Hebrew University develops ‘breakthough’ method to suppress malaria parasite’s harmful genes

Jerusalem researchers have discovered the genetic mechanism by which the 'Plasmodium falciparum' parasite evades the body’s immune response to cause the most dangerous type of human malaria.

By JUDY SIEGEL-ITZKOVICH
Prof. Ron Dzikowski and PhD student Inbar Amit-Avraham (photo credit: HEBREW UNIVERSITY)
Prof. Ron Dzikowski and PhD student Inbar Amit-Avraham
(photo credit: HEBREW UNIVERSITY)
Jerusalem researchers have discovered the genetic mechanism by which the Plasmodium falciparum parasite evades the body’s immune response to cause the most dangerous type of human malaria.
The study, by Hebrew University Faculty of Medicine Prof. Ron Dzikowski and his doctoral student Inbar Amit-Avraham, has just been published in the Proceedings of the National Academy of Sciences (PNAS). They conducted their study at the microbiology and molecular genetics department at the Institute for Medical Research Israel-Canada and at the medical school’s Sanford Kuvin Center for the Study of Infectious and Tropical Diseases.
As many as a million people in the Third World – mostly pregnant woman and young children – are killed annually by the parasite, which replicates in the circulating blood of infected individuals and modifies the surface of infected red blood cells.
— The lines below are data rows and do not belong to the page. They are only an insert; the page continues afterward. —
Lemma iterate_glue_limit : forall g y, is_limit_ord lt g ->
  (forall b z, ltx lt b g -> (It H glue b z <-> glue_char b z)) -> (It H glue g y <-> glue_char g y).
Proof.
  intros g y Hl IH. unfold glue_char.
  assert (HIn : forall n b z, It H (Fs n) b z -> Fs n z) by (intros n b z; apply (pc_iter_in (Hpieces n) H HH)).
  rewrite (iterate_limit lt Hwo (deriv_in d H) glue g y Hl). split.
  - intro Hy. destruct (classic (y = x)) as [->|E].
    + left. split; auto. apply (not_ltx_lex lt Hwo). intro Hag.
      destruct (limit_between lt Hwo g a Hl Hag) as [c [Hac Hcg]].
      destruct (proj1 (IH c x Hcg) (Hy c Hcg)) as [[_ Hca]|[n Hn]].
      * eapply (lex_not_ltx lt Hwo); eauto.
      * eapply center_notin_piece. eapply HIn; eauto.
    + right. assert (Hb0 : exists b0, ltx lt b0 g).
      { apply NNPP; intro Hn. apply (proj1 Hl). intros b Hb. apply Hn; eauto. }
      destruct Hb0 as [b0 Hb0].
      destruct (proj1 (IH b0 y Hb0) (Hy b0 Hb0)) as [[E' _]|[n0 Hn0]]; [tauto|].
      exists n0. apply (iterate_limit lt Hwo (deriv_in d H) (Fs n0) g y Hl). intros b Hb.
      destruct (proj1 (IH b y Hb) (Hy b Hb)) as [[E' _]|[n Hn]]; [tauto|].
      assert (n = n0) by (apply (pieces_disjoint n0 n y); eapply HIn; eauto). subst; auto.
  - intros [[-> Hga]|[n Hn]] b Hb; apply (IH b _ Hb).
    + left. split; auto. left. eapply (ltx_lex_trans lt Hwo); eauto.
    + right. exists n. apply (proj1 (iterate_limit lt Hwo (deriv_in d H) (Fs n) g y Hl) Hn); auto.
Qed.

Lemma iterate_glue : forall g y,
  It H glue g y <-> (y = x /\ lex lt g a) \/ exists n, It H (Fs n) g y.
Proof.
  intro g. induction (ltx_wf lt Hwo g) as [g _ IH]. intro y.
  destruct (ord_cases lt g) as [Hzg|[[b Hs]|Hl]].
  - rewrite (iterate_zero lt Hwo (deriv_in d H) glue g y Hzg). unfold glue.
    setoid_rewrite (iterate_zero lt Hwo (deriv_in d H) _ g y Hzg).
    pose proof (zero_lex lt Hwo g a Hzg). split; [intros [->|Hn]|intros [[-> _]|Hn]]; auto.
  - apply (iterate_glue_succ b g y Hs). intro z. apply IH. apply Hs.
  - apply (iterate_glue_limit g y Hl). intros b z Hb. apply IH; auto.
Qed.

End Derivatives.

Lemma glue_pow_copy : pow_copy a x eps glue glue_map.
Proof.
  constructor.
  - apply glue_ball.
  - apply glue_big.
  - apply glue_compact.
  - apply glue_range.
  - apply glue_inj.
  - apply glue_onto.
  - apply glue_cont.
  - intros H HH g y Hy. destruct (proj1 (iterate_glue H HH g y) Hy) as [[-> _]|[n Hn]].
    + left; auto.
    + right; exists n. exact (pc_iter_in (Hpieces n) H HH g y Hn).
  - intros H HH g Hg. apply iterate_glue; auto.
  - intros H HH g y Hy. destruct (proj1 (iterate_glue H HH g y) Hy) as [[_ Hg]|[n Hn]]; auto.
    left. eapply (lex_ltx_trans lt Hwo); [exact (pc_iter_lex (Hpieces n) H HH g y Hn)|apply (pd_lt HB)].
  - intros H HH y Hy. destruct (proj1 (iterate_glue H HH a y) Hy) as [[-> _]|[n Hn]]; auto. exfalso.
    eapply (ltx_irrefl lt Hwo). eapply (lex_ltx_trans lt Hwo); [|apply (pd_lt HB)].
    exact (pc_iter_lex (Hpieces n) H HH a y Hn).
Qed.

End Glue.

Lemma halving_sequence : forall {X : Type} (d : X -> X -> R), is_metric d ->
  forall (Q : nat -> X -> Prop) x eps, 0 < eps ->
  (forall n r, 0 < r -> exists y, Q n y /\ y <> x /\ d x y < r) ->
  exists xs : nat -> X, (forall n, Q n (xs n) /\ xs n <> x) /\
    d x (xs 0%nat) < eps / 2 /\ (forall n, d x (xs (S n)) < d x (xs n) / 2).
Proof.
  intros X d Hmet Q x eps Heps Hpt.
  assert (Hpt' : forall n r, exists y, 0 < r -> Q n y /\ y <> x /\ d x y < r).
  { intros n r. destruct (classic (0 < r)) as [Hr|Hr]; [|exists x; tauto].
    destruct (Hpt n r Hr) as [y Hy]. exists y. auto. }
  set (sel := fun n r => proj1_sig (constructive_indefinite_description _ (Hpt' n r))).
  assert (Hsel : forall n r, 0 < r -> Q n (sel n r) /\ sel n r <> x /\ d x (sel n r) < r).
  { intros n r Hr. unfold sel. destruct (constructive_indefinite_description _ (Hpt' n r)); auto. }
  set (xs := fix xs (n : nat) : X :=
         match n with 0%nat => sel 0%nat (eps/2) | S m => sel (S m) (d x (xs m) / 2) end).
  assert (Hne : forall n, xs n <> x).
  { induction n as [|n IHn]; simpl; fold xs.
    - apply (Hsel 0%nat (eps/2)). lra.
    - apply (Hsel (S n)). pose proof (dist_pos d Hmet x (xs n) (not_eq_sym IHn)). lra. }
  assert (Hpos : forall n, 0 < d x (xs n) / 2).
  { intro n. pose proof (dist_pos d Hmet x (xs n) (not_eq_sym (Hne n))). lra. }
  exists xs. split; [|split].
  - intros [|n]; split; auto; simpl; fold xs; apply Hsel; auto; lra.
  - simpl. apply Hsel. lra.
  - intro n. simpl. fold xs. apply Hsel. auto.
Qed.

Section Construction.
Context {X : Type} (d : X -> X -> R) (Hmet : is_metric d) (h : X -> R) (M : R).
Context {K : Type} (lt : K -> K -> Prop) (Hwo : well_order lt) (Hcount : countable_type K).
Context (P : X -> Prop) (HPc : closed d P).

Notation PI := (iterate lt (deriv_in d (big h M)) P).

(* [x] lies in the successor stage after [gam n], hence is a limit of points of [PI (gam n)]
   where [|h| > M]. *)
Lemma pow_copy_points : forall a gam io x, pow_decomp lt a gam io -> PI a x ->
  forall n r, 0 < r -> exists y, (PI (gam n) y /\ big h M y) /\ y <> x /\ d x y < r.
Proof.
  intros a gam io x HB Hx n r Hr.
  destruct (succ_exists lt Hwo a (gam n) (pd_lt HB n)) as [c [Hs Hca]].
  pose proof (proj2 (iterate_closed_antitone d Hmet lt Hwo (big h M) P HPc a) c x Hca Hx) as Hxc.
  apply (iterate_succ lt Hwo (deriv_in d (big h M)) P (gam n) c x Hs) in Hxc.
  destruct (Hxc r Hr) as [y [Hy [Hyx Hdy]]]. exists y. auto.
Qed.

Lemma pow_copy_exists : forall a x, PI a x -> forall eps, 0 < eps ->
  exists F phi, pow_copy d h M lt a x eps F phi.
Proof.
  intro a. induction (ltx_wf lt Hwo a) as [a _ IH]. intros x Hx eps Heps.
  destruct (classic (is_zero_ord lt a)) as [Hz|Hz].
  { exists (fun u => u = x), (fun _ => omega_pow a). apply pow_copy_zero; auto. }
  destruct (pow_decomp_exists lt Hwo Hcount a Hz) as [gam [io HB]].
  destruct (halving_sequence d Hmet _ x eps Heps (pow_copy_points a gam io x HB Hx))
    as [xs [Hxs [Ht0 Htd]]].
  assert (HIH : forall n, exists FP : (X -> Prop) * (X -> omega_pow_interval K),
     pow_copy d h M lt (gam n) (xs n) (d x (xs n) / 10) (fst FP) (snd FP)).
  { intro n. destruct (Hxs n) as [[HPn _] Hne].
    pose proof (dist_pos d Hmet x (xs n) (not_eq_sym Hne)).
    destruct (IH (gam n) (pd_lt HB n) (xs n) HPn (d x (xs n) / 10) ltac:(lra)) as [F [phi G]].
    exists (F, phi). auto. }
  set (FP := fun n => proj1_sig (constructive_indefinite_description _ (HIH n))).
  assert (HFP : forall n, pow_copy d h M lt (gam n) (xs n) (d x (xs n) / 10) (fst (FP n)) (snd (FP n))).
  { intro n. unfold FP. destruct (constructive_indefinite_description _ (HIH n)); auto. }
  exists (glue x (fun n => fst (FP n))), (glue_map a io (fun n => fst (FP n)) (fun n => snd (FP n))).
  apply (glue_pow_copy d Hmet h M lt Hwo a gam io HB x eps Heps xs); auto.
  - intro n. apply Hxs.
  - intro n. apply Hxs.
Qed.

End Construction.

Section Homeomorphism.
Context {K : Type} (lt : K -> K -> Prop) (Hwo : well_order lt).
Notation Opi := (omega_pow_interval K).
Notation olt := (olt lt).
Notation ole := (ole lt).

(* The successor is [f + omega^k0] with [k0] the least element of [K]. *)
Lemma opi_succ_exists : forall f : @CNFpos K, exists b, olt (Some f) b /\ forall z, olt z b -> ole z (Some f).
Proof.
  intro f. destruct (ltx_min_exists lt Hwo (fun c => exists k, c = Some k)) as [m [[k0 ->] Hmin]].
  { destruct (cnfpos_nonzero f) as [k _]. exists (Some k); eauto. }
  assert (Hk0 : forall k, k <> k0 -> lt k0 k).
  { intros k Hk. destruct (Hmin (Some k) (ex_intro _ k eq_refl)) as [H|H]. exact H. inversion H; subst; tauto. }
  exists (Some (cnf_shift (uvec k0) (fin_supp_uvec k0) f)). split.
  - simpl. apply (cnf_lt_addr lt Hwo). apply cnfpos_fin_supp. apply fin_supp_uvec. exists k0. rewrite uvec_self; lia.
  - intros [g|] Hz; [|destruct Hz]. simpl in Hz. destruct Hz as [k [H1 H2]]. unfold cnf_add in *.
    destruct (classic (k = k0)) as [->|Ek].
    + rewrite uvec_self in H1. assert (Hab : forall j, j <> k0 -> proj1_sig g j = proj1_sig f j).
      { intros j Hj. rewrite H2 by auto. rewrite uvec_other; auto; lia. }
      destruct (Nat.eq_dec (proj1_sig g k0) (proj1_sig f k0)) as [E|E].
      * right. apply some_cnfpos_eq. intro j. destruct (classic (j = k0)) as [->|Ej]; auto.
      * left. simpl. exists k0. split. lia. intros j Hj. apply Hab. intro; subst; eapply (wo_irrefl lt Hwo); eauto.
    + left. simpl. exists k. rewrite uvec_other in H1 by auto. split. lia.
      intros j Hj. rewrite H2 by auto. rewrite uvec_other. lia. intro; subst.
      apply (wo_irrefl lt Hwo k0). eapply (wo_trans lt Hwo); eauto.
Qed.


Lemma opi_isolated_above : forall p : Opi, exists hi : option Opi,
  (forall b, hi = Some b -> olt p b) /\ forall z, (forall b, hi = Some b -> olt z b) -> ole z p.
Proof.
  intros [f|].
  - destruct (opi_succ_exists f) as [b [Hb1 Hb2]]. exists (Some b).
    split; [intros b' E; inversion E; subst; auto|]. intros z Hz. apply Hb2. apply Hz; auto.
  - exists None. split; [intros b E; discriminate|]. intros [z|] _; [left; simpl; auto|right; auto].
Qed.

Lemma max_below_list : forall (p : Opi) (l : list Opi), exists lo : option Opi,
  (forall a, lo = Some a -> olt a p) /\ forall q, In q l -> olt q p -> exists a, lo = Some a /\ ole q a.
Proof.
  intro p. induction l as [|q l [lo [H1 H2]]].
  - exists None. split; [intros a E; discriminate|intros q []].
  - destruct (classic (olt q p)) as [Lq|Lq].
    + assert (Hm : exists m, olt m p /\ ole q m /\ forall a, lo = Some a -> ole a m).
      { destruct lo as [a|]; [|exists q; split; auto; split; [right; auto|intros a E; discriminate]].
        destruct (olt_trich lt Hwo a q) as [L|[L|L]].
        - exists q. split; auto. split; [right; auto|]. intros a' E; inversion E; subst. left; auto.
        - exists a. split; auto. split; [right; auto|]. intros a' E; inversion E; subst. right; auto.
        - exists a. split; auto. split; [left; auto|]. intros a' E; inversion E; subst. right; auto. }
      destruct Hm as [m [Hmp [Hqm Hlom]]].
      exists (Some m). split; [intros a E; inversion E; subst; auto|].
      intros q' [<-|Hq'] Lq'; exists m; split; auto.
      destruct (H2 q' Hq' Lq') as [a [Ea Ha]]. eapply (ole_trans lt Hwo); eauto.
    + exists lo. split; auto. intros q' [<-|Hq'] Lq'; [tauto|auto].
Qed.

Context {X : Type} (d : X -> X -> R) (Hmet : is_metric d).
Its virulence comes from its impressive ability to hide from the immune system by selectively changing which surface proteins it displays, said Dzikowski.
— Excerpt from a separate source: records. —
(* The homomorphism $P\Gamma_L\to{\rm PGL}_2(7)$ is surjective.
   Context: Let $\mathcal{O}$ be the ring of integers of $\mathbb{Q}(\sqrt{-7})$, $\Gamma_L$ the unitary group of the standard Hermitian lattice $\mathcal{O}[\tfrac12]^3$, and $P\Gamma_L$ its quotient by scalars; a fixed embedding $\mathcal{O}\to\mathbb{Z}_2$ identifies $P\Gamma_L$ with a lattice in ${\rm PGL}_3(\mathbb{Q}_2)$. With $\theta=\sqrt{-7}$, the Hermitian form induces a nondegenerate symmetric bilinear form on $\mathcal{O}[\tfrac12]^3/\theta\mathcal{O}[\tfrac12]^3\cong\mathbb{F}_7^3$, yielding the homomorphism $P\Gamma_L\to{\rm PO}_3(7)\cong{\rm PGL}_2(7)$ in question. *)

From mathcomp Require Import all_boot all_order all_algebra all_field.
Set Implicit Arguments. Unset Strict Implicit. Unset Printing Implicit Defensive.
Import Order.TTheory GRing.Theory Num.Theory.
Local Open Scope ring_scope.

(* alpha = (1 + sqrt(-7))/2, so O = Z[alpha] is the ring of integers of Q(sqrt -7)
   and theta = sqrt(-7) = 2 alpha - 1. *)
Definition alpha : algC := (1 + sqrtC (-7)) / 2.

Definition dyadic (q : rat) : Prop := exists k : nat, denq q = (2 ^ k)%:Z.

(* the reduction Z_(7) -> F_7 (used only on dyadic rationals) *)
Definition redQ7 (q : rat) : 'F_7 := (numq q)%:~R / (denq q)%:~R.

Definition in_Oh (x : algC) : Prop :=
  exists a b : rat, [/\ dyadic a, dyadic b & x = ratr a + ratr b * alpha].

(* reduction modulo theta = sqrt(-7): O[1/2]/theta O[1/2] = F_7, with
   alpha |-> 1/2 = 4 (since 2 alpha = 1 + theta).  [reduces_to x y] says
   x is in O[1/2] and its reduction mod theta is y. *)
Definition reduces_to (x : algC) (y : 'F_7) : Prop :=
  exists a b : rat, [/\ dyadic a, dyadic b, x = ratr a + ratr b * alpha
                     & y = redQ7 a + 4 * redQ7 b].

(* Gamma_L: unitary group of the standard Hermitian lattice O[1/2]^3,
   h(x,y) = sum_i x_i conj(y_i): g has entries in O[1/2] and g^* g = 1
   (then g^{-1} = g^* also has entries in O[1/2]). *)
Definition Gamma_L (g : 'M[algC]_3) : Prop :=
  (forall i j, in_Oh (g i j)) /\ (map_mx (fun x => x^*) g)^T *m g = 1.

Definition O3_7 (g : 'M['F_7]_3) : Prop := g^T *m g = 1.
This sophisticated game of hide-and-seek involves continually alternating foreign molecules called antigens. This can trigger an immune response called antigenic variation.
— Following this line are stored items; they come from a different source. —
Lemma ForallOrdPairs_map {A B : Type} (Rel : B -> B -> Prop) (F : A -> B) (l : list A) :
  NoDup l -> (forall i j, In i l -> In j l -> i <> j -> Rel (F i) (F j)) ->
  ForallOrdPairs Rel (map F l).
Proof.
  induction 1 as [|i l Hi Hnodup IH]; intros HF; simpl; constructor.
  - apply Forall_forall. intros q Hq. apply in_map_iff in Hq as [j [<- Hj]].
    apply HF; [left; reflexivity | right; exact Hj | intros ->; contradiction].
  - apply IH. intros j j' Hj Hj' Hne. apply HF; [right..|]; assumption.
Qed.

Lemma flips_prod_cons p l x : flips_prod (p :: l) x = flip (fst p) (snd p) (flips_prod l x).
Proof. reflexivity. Qed.

Lemma flips_prod_out l x : (forall p, In p l -> ~ (fst p < x < snd p)) -> flips_prod l x = x.
Proof.
  induction l as [|p l IH]; intros Hout; [reflexivity|].
  rewrite flips_prod_cons, IH by (intros q Hq; apply Hout; right; exact Hq).
  pose proof (Hout p (or_introl eq_refl)).
  unfold flip. destruct (Rlt_dec (fst p) x); [destruct (Rlt_dec x (snd p))|]; lra.
Qed.

Lemma flips_prod_in l p x : ForallOrdPairs disjoint l -> In p l -> fst p < x < snd p ->
  flips_prod l x = fst p + snd p - x.
Proof.
  intros Hdisj. induction Hdisj as [|q l Hq Hdisj IH]; intros Hp Hx; [destruct Hp|].
  rewrite Forall_forall in Hq. rewrite flips_prod_cons. destruct Hp as [<-|Hp].
  - rewrite flips_prod_out by (intros p Hp Hxp; apply (Hq p Hp x); auto).
    unfold flip. destruct (Rlt_dec (fst q) x); [destruct (Rlt_dec x (snd q))|]; lra.
  - rewrite (IH Hp Hx). pose proof (Hq p Hp (fst p + snd p - x)).
    unfold flip. destruct (Rlt_dec (fst q) _); [destruct (Rlt_dec _ (snd q))|]; lra.
Qed.

Lemma flips_prod_cases l x : ForallOrdPairs disjoint l ->
  (exists p, In p l /\ fst p < x < snd p /\ flips_prod l x = fst p + snd p - x) \/
  flips_prod l x = x.
Proof.
  intros Hdisj.
  destruct (excluded_middle_informative (exists p, In p l /\ fst p < x < snd p))
    as [[p [Hp Hx]]|Hout].
  - left. exists p. repeat split; try apply flips_prod_in; tauto.
  - right. apply flips_prod_out. intros p Hp Hx. apply Hout. exists p; auto.
Qed.

Lemma flips_prod_involutive l x : ForallOrdPairs disjoint l -> flips_prod l (flips_prod l x) = x.
Proof.
  intros Hdisj. destruct (flips_prod_cases l x Hdisj) as [[p [Hp [Hx ->]]]|Hfix].
  - rewrite (flips_prod_in l p); [ring | exact Hdisj | exact Hp | lra].
  - rewrite !Hfix. reflexivity.
Qed.

Lemma flips_prod_inX l x : Forall valid_interval l -> ForallOrdPairs disjoint l ->
  inX x -> inX (flips_prod l x).
Proof.
  intros Hvalid Hdisj Hx. rewrite Forall_forall in Hvalid.
  destruct (flips_prod_cases l x Hdisj) as [[p [Hp [Hxp ->]]]| ->]; [|exact Hx].
  destruct (Hvalid p Hp) as [Hl [_ Hu]]. unfold inX. lra.
Qed.

Lemma bijX_flips_prod l : Forall valid_interval l -> ForallOrdPairs disjoint l ->
  bijX (flips_prod l).
Proof.
  intros Hvalid Hdisj. apply involutive_bijX.
  - intros x. apply flips_prod_inX; assumption.
  - intros x. apply flips_prod_involutive, Hdisj.
Qed.

Lemma le_of_open_interval l u b : l < u -> (forall x, l < x < u -> x <= b) -> u <= b.
Proof.
  intros Hlu Hb. destruct (Rle_or_lt u b) as [Hub|Hbu]; [exact Hub|exfalso].
  pose proof (Rmax_l l b). pose proof (Rmax_r l b).
  pose proof (Rmax_lub_lt l b u Hlu Hbu).
  pose proof (Hb ((Rmax l b + u) / 2) ltac:(lra)). lra.
Qed.

Lemma ge_of_open_interval l u b : l < u -> (forall x, l < x < u -> b <= x) -> b <= l.
Proof.
  intros Hlu Hb. destruct (Rle_or_lt b l) as [Hbl|Hlb]; [exact Hbl|exfalso].
  pose proof (Rmin_l u b). pose proof (Rmin_r u b).
  pose proof (Rmin_glb_lt u b l Hlu Hlb).
  pose proof (Hb ((l + Rmin u b) / 2) ltac:(lra)). lra.
Qed.

Lemma valid_interval_of_inX l u : l < u -> (forall x, l < x < u -> inX x) ->
  valid_interval (l, u).
Proof.
  intros Hlu Hin. unfold valid_interval, inX in *; simpl. split; [|split; [exact Hlu|]].
  - apply (ge_of_open_interval l u); [exact Hlu|]. intros x Hx. apply (Hin x Hx).
  - apply (le_of_open_interval l u); [exact Hlu|]. intros x Hx. destruct (Hin x Hx); lra.
Qed.

Section Unflipping.

Variables (h : R -> R) (n : nat) (a : nat -> R) (o : nat -> bool) (c : nat -> R).
Hypothesis Hbij : bijX h.
Hypothesis Hpart : partitionX n a.
Hypothesis Hpieces : forall i x, (i < n)%nat -> a i < x < a (S i) ->
  h x = (if o i then - x else x) + c i.

Definition reversed : list nat := filter o (seq 0 n).
Definition domain_flips : list (R * R) := map (fun i => (a i, a (S i))) reversed.
Definition image_flips : list (R * R) := map (fun i => (c i - a (S i), c i - a i)) reversed.

Lemma In_reversed i : In i reversed <-> (i < n)%nat /\ o i = true.
Proof. unfold reversed. rewrite filter_In, in_seq. intuition lia. Qed.

Lemma reversed_piece_image j y : In j reversed -> c j - a (S j) < y < c j - a j ->
  a j < c j - y < a (S j) /\ h (c j - y) = y.
Proof.
  intros [Hj Hoj]%In_reversed Hy. split; [lra|].
  rewrite (Hpieces j (c j - y) Hj ltac:(lra)), Hoj. ring.
Qed.

Lemma domain_flips_disjoint : ForallOrdPairs disjoint domain_flips.
Proof.
  apply ForallOrdPairs_map; [apply NoDup_filter, seq_NoDup|].
  intros i j Hi Hj Hne x [Hxi Hxj]; simpl in *.
  apply In_reversed in Hi as [Hi _], Hj as [Hj _].
  exact (Hne (partition_piece_unique n a Hpart i j x Hi Hj Hxi Hxj)).
Qed.

Lemma image_flips_disjoint : ForallOrdPairs disjoint image_flips.
Proof.
  apply ForallOrdPairs_map; [apply NoDup_filter, seq_NoDup|].
  intros i j Hi Hj Hne y [Hyi Hyj]; simpl in *.
  destruct (reversed_piece_image i y Hi Hyi) as [Hxi Hhi].
  destruct (reversed_piece_image j y Hj Hyj) as [Hxj Hhj].
  apply In_reversed in Hi as [Hi _], Hj as [Hj _].
  assert (Hsame : c i - y = c j - y).
  { apply (bijX_inj h); [exact Hbij | | | congruence].
    - apply (partition_piece_inX n a Hpart i); [exact Hi | lra].
    - apply (partition_piece_inX n a Hpart j); [exact Hj | lra]. }
  rewrite Hsame in Hxi.
  exact (Hne (partition_piece_unique n a Hpart i j _ Hi Hj Hxi Hxj)).
Qed.

Lemma domain_flips_valid : Forall valid_interval domain_flips.
Proof.
  apply Forall_forall. intros p Hp. apply in_map_iff in Hp as [i [<- Hi]].
  apply In_reversed in Hi as [Hi _].
  apply valid_interval_of_inX; [apply (partition_lt n a Hpart); lia|].
  intros x Hx. apply (partition_piece_inX n a Hpart i); [exact Hi | lra].
Qed.

Lemma image_flips_valid : Forall valid_interval image_flips.
Proof.
  apply Forall_forall. intros p Hp. apply in_map_iff in Hp as [i [<- Hi]].
  pose proof (proj1 (In_reversed i) Hi) as [Hin _].
  pose proof (partition_lt n a Hpart i (S i) ltac:(lia)).
  apply valid_interval_of_inX; [lra|].
  intros y Hy. destruct (reversed_piece_image i y Hi Hy) as [Hx <-].
  apply (bijX_inX h); [exact Hbij|]. apply (partition_piece_inX n a Hpart i); [exact Hin | lra].
Qed.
Previous research has found that the antigens that the parasite selectively displays are encoded by members of a gene family named var. The parasite tightly regulates the expression of these var genes so that only one is expressed at any given time, while the rest of the family is maintained silent.
Understanding this complex mechanism is essential to understanding how the deadly Plasmodium falciparum parasite evades the immune system. It is also more broadly important to science because the process by which cells can express a single gene while keeping alternative genes silent is one of the unsolved mysteries in the field of eukaryotic gene expression.
The researchers found that at the precise moment in the cell cycle when a specific var gene is active, corresponding RNA molecules (of a type called long non-coding RNA) are present. These long noncoding RNA (lncRNAs) molecules incorporate themselves into DNA structures, and determine how the parasite selects a single gene for expression while the rest of the family is kept silent. In a series of genetic experiments in transgenic parasite lines, the researchers were able to activate silent var genes by expressing their specific lncRNAs molecules.
In collaboration with Dr.
Eylon Yavin of the HU’S School of Pharmacy Institute for Drug Research, the researchers developed a novel way to interfere with these lncRNAs and showed that through this interference, they could suppress the active var gene and induce switching toward expression of other var genes. Thus, they showed that the lncRNAs molecules play a key role in regulating the genetic mechanisms enabling the deadly parasite to evade human immunity.
Dzikowski concluded: “We believe this breakthrough has exposed the tip of the iceberg in understanding how the deadliest malaria parasite regulates the selective expression of its genes, enabling it to evade the immune system.
Understanding the mechanisms by which the parasite evades immunity takes us closer to finding ways to either block this ability, or force the parasite to expose its entire antigenic repertoire and thus allow the human immune system to overcome the disease.
Such findings can help pave the way for development of new therapies and vaccines for malaria.”